## Introduction
This notebook is used to preprocess the SC-Ques Dataset so that it can be used with our project. We aim to use this additional dataset with our project to help improve the size of our testing set. This dataset was found from the paper [SC-Ques: A Sentence Completion Question Dataset for English as a Second Language Learners](https://arxiv.org/abs/2206.12036). They provided a [link to their code and their data](https://github.com/ai4ed/SC-Ques) for research purposes. This, in turn, gave a link to a [dropbox containing their data](https://www.dropbox.com/s/lzznin2hxt6rmft/SC-Ques.tar.gz?dl=0). The data that we would be looking to use to expand our training set would be found in test.jsons and train.jsons. An example from train.jsons is included below.
```
{"stem": "The plane is scheduled to arrive ___ because of bad weather. ", "choice": {"A": "A.latest", "B": "B.later", "C": "C.late"}, "answer": "C", "choice_dict": {"choice_dict": {"A": "The plane is scheduled to arrive latest because of bad weather.", "B": "The plane is scheduled to arrive later because of bad weather.", "C": "The plane is scheduled to arrive late because of bad weather."}}}
```

From this we would be looking to extract the 'stem' key for the question, the 'answer' key for our ans, and the choice_dict for our response options. Of note is that we will need to modify our code to allow for an arbitrarily sized choice dict. Also of note is that these questions seem less complex than the SAT questions, though some of the questions have more blanks. There are 241195 records in train.jsons and 47953 records in test.jsons.

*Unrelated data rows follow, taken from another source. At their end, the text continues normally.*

(* Let $g$ be an associative algebra equipped with a nondegenerate symmetric bilinear form $\langle\cdot,\cdot\rangle$ satisfying $\langle u v,w\rangle=\langle u,v w\rangle$. Let $n\ge1$ and $\mathbf{g}=g\oplus\cdots\oplus g$ ($n$ copies) with componentwise multiplication. Let $\mathbf{C},\mathbf{A}$ be linear operators on $\mathbf{g}$ written in components as $(\mathbf{C}(\mathbf{u}))_i=\sum_j C_{ij}(u_j)$, $(\mathbf{A}(\mathbf{u}))_i=\sum_j A_{ij}(u_j)$ with linear operators $C_{ij},A_{ij}$ on $g$. Then Hom$(\mathbf{C},\mathbf{A})$ holds on $\mathbf{g}$ if and only if: (1) Hom$(C_{ij},A_{jj})$ holds for all $1\le i,j\le n$; and (2) for all $1\le i,j,k\le n$ with $j<k$ and all $X,Y\in g$: $[C_{ij}(X),C_{ik}(Y)]=C_{ik}\big([A_{kj}(X),Y]\big)+C_{ij}\big([X,A_{jk}(Y)]\big)$.
   Context: $[X,Y]=XY-YX$ (componentwise in $\mathbf{g}$). For linear operators $S,A$ on an associative algebra, Hom$(S,A)$ means $[S(X),S(Y)]=S\big([A(X),Y]+[X,A(Y)]\big)$ for all $X,Y$. *)

From mathcomp Require Import all_boot all_algebra.
Set Implicit Arguments. Unset Strict Implicit. Unset Printing Implicit Defensive.
Import GRing.Theory.
Local Open Scope ring_scope.

Definition comm (V : zmodType) (mul : V -> V -> V) (x y : V) : V :=
  mul x y - mul y x.

Definition HomRel (V : zmodType) (mul : V -> V -> V) (S A : V -> V) : Prop :=
  forall x y, comm mul (S x) (S y) = S (comm mul (A x) y + comm mul x (A y)).

Definition assoc_algebra (K : fieldType) (V : lmodType K) (mul : V -> V -> V) : Prop :=
  [/\ (forall a u v w, mul (a *: u + v) w = a *: mul u w + mul v w),
      (forall a u v w, mul w (a *: u + v) = a *: mul w u + mul w v)
    & (forall u v w, mul (mul u v) w = mul u (mul v w))].

Definition invariant_form (K : fieldType) (V : lmodType K) (mul : V -> V -> V)
    (B : V -> V -> K) : Prop :=
  [/\ (forall a u v w, B (a *: u + v) w = a * B u w + B v w),
      (forall u v, B u v = B v u),
      (forall u, (forall v, B u v = 0) -> u = 0)
    & (forall u v w, B (mul u v) w = B u (mul v w))].

Definition bmul (K : fieldType) (V : lmodType K) (n : nat) (mul : V -> V -> V)
    (u v : {ffun 'I_n -> V}) : {ffun 'I_n -> V} :=
  [ffun i => mul (u i) (v i)].

Definition bop (K : fieldType) (V : lmodType K) (n : nat)
    (C : 'I_n -> 'I_n -> {linear V -> V}) (u : {ffun 'I_n -> V}) : {ffun 'I_n -> V} :=
  [ffun i => \sum_(j < n) C i j (u j)].

From mathcomp Require Import all_boot all_algebra.
Set Implicit Arguments. Unset Strict Implicit. Unset Printing Implicit Defensive.
Import GRing.Theory.
Local Open Scope ring_scope.

(* Product and operators act componentwise and the commutator is biadditive,
   so Hom(C, A) on g^n reduces to its instances on vectors supported at a
   single coordinate; for the coordinates j, k and the output component i
   these read [C_ij X, C_ik Y] = C_ik [A_kj X, Y] + C_ij [X, A_jk Y].  The
   case j > k is the case j < k with the roles of X and Y exchanged, by
   antisymmetry of the commutator, and the case j = k is Hom(C_ij, A_jj). *)

Section Commutator.
Variables (V : zmodType) (mul : V -> V -> V).
Hypothesis mulDl : forall u v w, mul (u + v) w = mul u w + mul v w.
Hypothesis mulDr : forall u v w, mul w (u + v) = mul w u + mul w v.

Lemma mul0l w : mul 0 w = 0.
Proof. by apply: (addrI (mul 0 w)); rewrite -mulDl !addr0. Qed.

Lemma mul0r w : mul w 0 = 0.
Proof. by apply: (addrI (mul w 0)); rewrite -mulDr !addr0. Qed.

Lemma commDl u v w : comm mul (u + v) w = comm mul u w + comm mul v w.
Proof. by rewrite /comm mulDl mulDr opprD addrACA. Qed.

Lemma commDr u v w : comm mul w (u + v) = comm mul w u + comm mul w v.
Proof. by rewrite /comm mulDl mulDr opprD addrACA. Qed.

Lemma comm0l w : comm mul 0 w = 0.
Proof. by rewrite /comm mul0l mul0r subr0. Qed.

Lemma comm0r w : comm mul w 0 = 0.
Proof. by rewrite /comm mul0l mul0r subr0. Qed.

Lemma commC u v : comm mul u v = - comm mul v u.
Proof. by rewrite /comm opprB. Qed.

Lemma comm_suml (I : Type) (r : seq I) (P : pred I) (F : I -> V) w :
  comm mul (\sum_(i <- r | P i) F i) w = \sum_(i <- r | P i) comm mul (F i) w.
Proof. exact: (big_morph (comm mul^~ w) (fun u v => commDl u v w) (comm0l w)). Qed.

Lemma comm_sumr (I : Type) (r : seq I) (P : pred I) (F : I -> V) w :
  comm mul w (\sum_(i <- r | P i) F i) = \sum_(i <- r | P i) comm mul w (F i).
Proof. exact: (big_morph (comm mul w) (fun u v => commDr u v w) (comm0r w)). Qed.

End Commutator.

Lemma assoc_algebra_mulDl (K : fieldType) (V : lmodType K) (mul : V -> V -> V) :
  assoc_algebra mul -> forall u v w, mul (u + v) w = mul u w + mul v w.
Proof. by case=> mulZDl _ _ u v w; rewrite -[u in LHS]scale1r mulZDl scale1r. Qed.

Lemma assoc_algebra_mulDr (K : fieldType) (V : lmodType K) (mul : V -> V -> V) :
  assoc_algebra mul -> forall u v w, mul w (u + v) = mul w u + mul w v.
Proof. by case=> _ mulZDr _ u v w; rewrite -[u in LHS]scale1r mulZDr scale1r. Qed.

Section BlockOperators.
Variables (K : fieldType) (V : lmodType K) (mul : V -> V -> V) (n : nat).
Hypothesis mulDl : forall u v w, mul (u + v) w = mul u w + mul v w.
Hypothesis mulDr : forall u v w, mul w (u + v) = mul w u + mul w v.
Variables C A : 'I_n -> 'I_n -> {linear V -> V}.

Definition delta_ffun (j : 'I_n) (x : V) : {ffun 'I_n -> V} :=
  [ffun l => if l == j then x else 0].

Definition HomRel_blocks (i j k : 'I_n) : Prop :=
  forall x y, comm mul (C i j x) (C i k y) =
              C i k (comm mul (A k j x) y) + C i j (comm mul x (A j k y)).

Lemma comm_bmulE (u v : {ffun 'I_n -> V}) i :
  comm (bmul mul) u v i = comm mul (u i) (v i).
Proof. by rewrite /comm /bmul !ffunE. Qed.

Lemma bop_delta (D : 'I_n -> 'I_n -> {linear V -> V}) i j x :
  bop D (delta_ffun j x) i = D i j x.
Proof.
rewrite /bop ffunE (bigD1 j) //= ffunE eqxx big1 ?addr0 // => l /negbTE ljF.
by rewrite ffunE ljF linear0.
Qed.

Lemma HomRel_bop_blocks i j k :
  HomRel (bmul mul) (bop C) (bop A) -> HomRel_blocks i j k.
Proof.
move=> hom x y.
have := congr1 (fun f : {ffun 'I_n -> V} => f i) (hom (delta_ffun j x) (delta_ffun k y)).
rewrite /= comm_bmulE !bop_delta => ->.
rewrite /bop ffunE.
under eq_bigr => l _ do rewrite ffunE !comm_bmulE !bop_delta !ffunE linearD.
rewrite big_split /= (bigD1 k) //= eqxx big1 ?addr0; last first.
  by move=> l /negbTE ->; rewrite comm0r // linear0.
rewrite (bigD1 j) //= eqxx big1 ?addr0 // => l /negbTE ->.
by rewrite comm0l // linear0.
Qed.

Lemma blocks_HomRel_bop :
  (forall i j k, HomRel_blocks i j k) -> HomRel (bmul mul) (bop C) (bop A).
Proof.
move=> blocks u v; apply/ffunP => i.
rewrite comm_bmulE /bop !ffunE comm_suml //.
under eq_bigr => j _ do rewrite comm_sumr // (eq_bigr _ (fun k _ => blocks i j k _ _)).
under eq_bigr do rewrite big_split /=.
rewrite big_split /= exchange_big /=; apply/esym.
under eq_bigr => l _ do rewrite ffunE !comm_bmulE !ffunE comm_suml // comm_sumr //
  linearD !linear_sum.
by rewrite big_split.
Qed.

Lemma HomRel_bopP :
  HomRel (bmul mul) (bop C) (bop A) <-> forall i j k, HomRel_blocks i j k.
Proof.
split=> [hom i j k|]; [exact: HomRel_bop_blocks | exact: blocks_HomRel_bop].
Qed.

Lemma HomRel_blocks_diag i j : HomRel_blocks i j j <-> HomRel mul (C i j) (A j j).
Proof. by split=> hom x y; rewrite hom -raddfD. Qed.

Lemma HomRel_blocks_sym i j k : HomRel_blocks i j k -> HomRel_blocks i k j.
Proof.
move=> hom x y; rewrite commC hom (commC mul (A k j y)) (commC mul y).
by rewrite !linearN opprD !opprK addrC.
Qed.

End BlockOperators.

Theorem proposition4 (K : fieldType) (V : lmodType K) (mul : V -> V -> V)
    (B : V -> V -> K) (n : nat)
    (C A : 'I_n -> 'I_n -> {linear V -> V}) :
  assoc_algebra mul -> invariant_form mul B -> (1 <= n)%N ->
  (HomRel (bmul mul) (bop C) (bop A) <->
   ((forall i j : 'I_n, HomRel mul (C i j) (A j j)) /\
    (forall (i j k : 'I_n), (j < k)%N -> forall x y : V,
       comm mul (C i j x) (C i k y) =
       C i k (comm mul (A k j x) y) + C i j (comm mul x (A j k y))))).
Proof.
move=> alg _ _.
have [mulDl mulDr] := (assoc_algebra_mulDl alg, assoc_algebra_mulDr alg).
apply: (iff_trans (HomRel_bopP mulDl mulDr C A)); split.
- move=> blocks; split=> [i j|i j k _]; last exact: blocks.
  exact/HomRel_blocks_diag.
- case=> diag lower i j k; case: (ltngtP j k) => [jk|kj|/val_inj <-].
  + exact: lower.
  + exact/HomRel_blocks_sym/lower.
  + exact/HomRel_blocks_diag.
Qed.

I am currently unsure what the csv files are, even after skimming through the paper.

## Library Imports
This section is used to import relevant libraries.

In [1]:
from pathlib import Path 
import pandas as pd
import numpy as np
import json
from tqdm.notebook import tqdm
from nltk import word_tokenize
tqdm.pandas()

## Method from Sentence Completion Notebook

In [2]:
def tokenize_question(question):
    sent = word_tokenize(question)
    start_of_sentence = "<sent>"
    end_of_sentence = "<\\sent>"
    sent.insert(0, start_of_sentence)
    sent.append(end_of_sentence)
    return sent

## Load the Original Data
This section loads in the original data from test.jsons and train.jsons. These were two JSONS files in the SC-Ques data. Both of them use the same format which is why we are joining them together. This will work better for our purposes.

In [3]:
def parse_raw_scques_record(line: str):
    record = json.loads(line)
    out = {}
    question = record['stem']
    ans = record['answer']
    # choice = record['choice']
    choice_dict = record['choice_dict']['choice_dict']
    for option in choice_dict.keys():
        out[option] = choice_dict[option]
    out['question'] = question
    out['ans'] = ans
    return out

train_path = Path("Datasets\\SC-Ques\\train.jsons")
test_path = Path("Datasets\\SC-Ques\\test.jsons")
# if train_path.exists() and not train_path.is_dir():
records = []
print("Parsing %s" % str(train_path))
with train_path.open() as f:
    lines = f.readlines()
    for line in tqdm(lines):
        records.append(parse_raw_scques_record(line))
print("Parsing %s" % str(test_path))
with test_path.open() as f:
    lines = f.readlines()
    for line in tqdm(lines):
        records.append(parse_raw_scques_record(line))
        
additional_data = pd.DataFrame.from_records(records)
print(len(additional_data))
additional_data.head()

Parsing Datasets\SC-Ques\train.jsons


  0%|          | 0/241195 [00:00<?, ?it/s]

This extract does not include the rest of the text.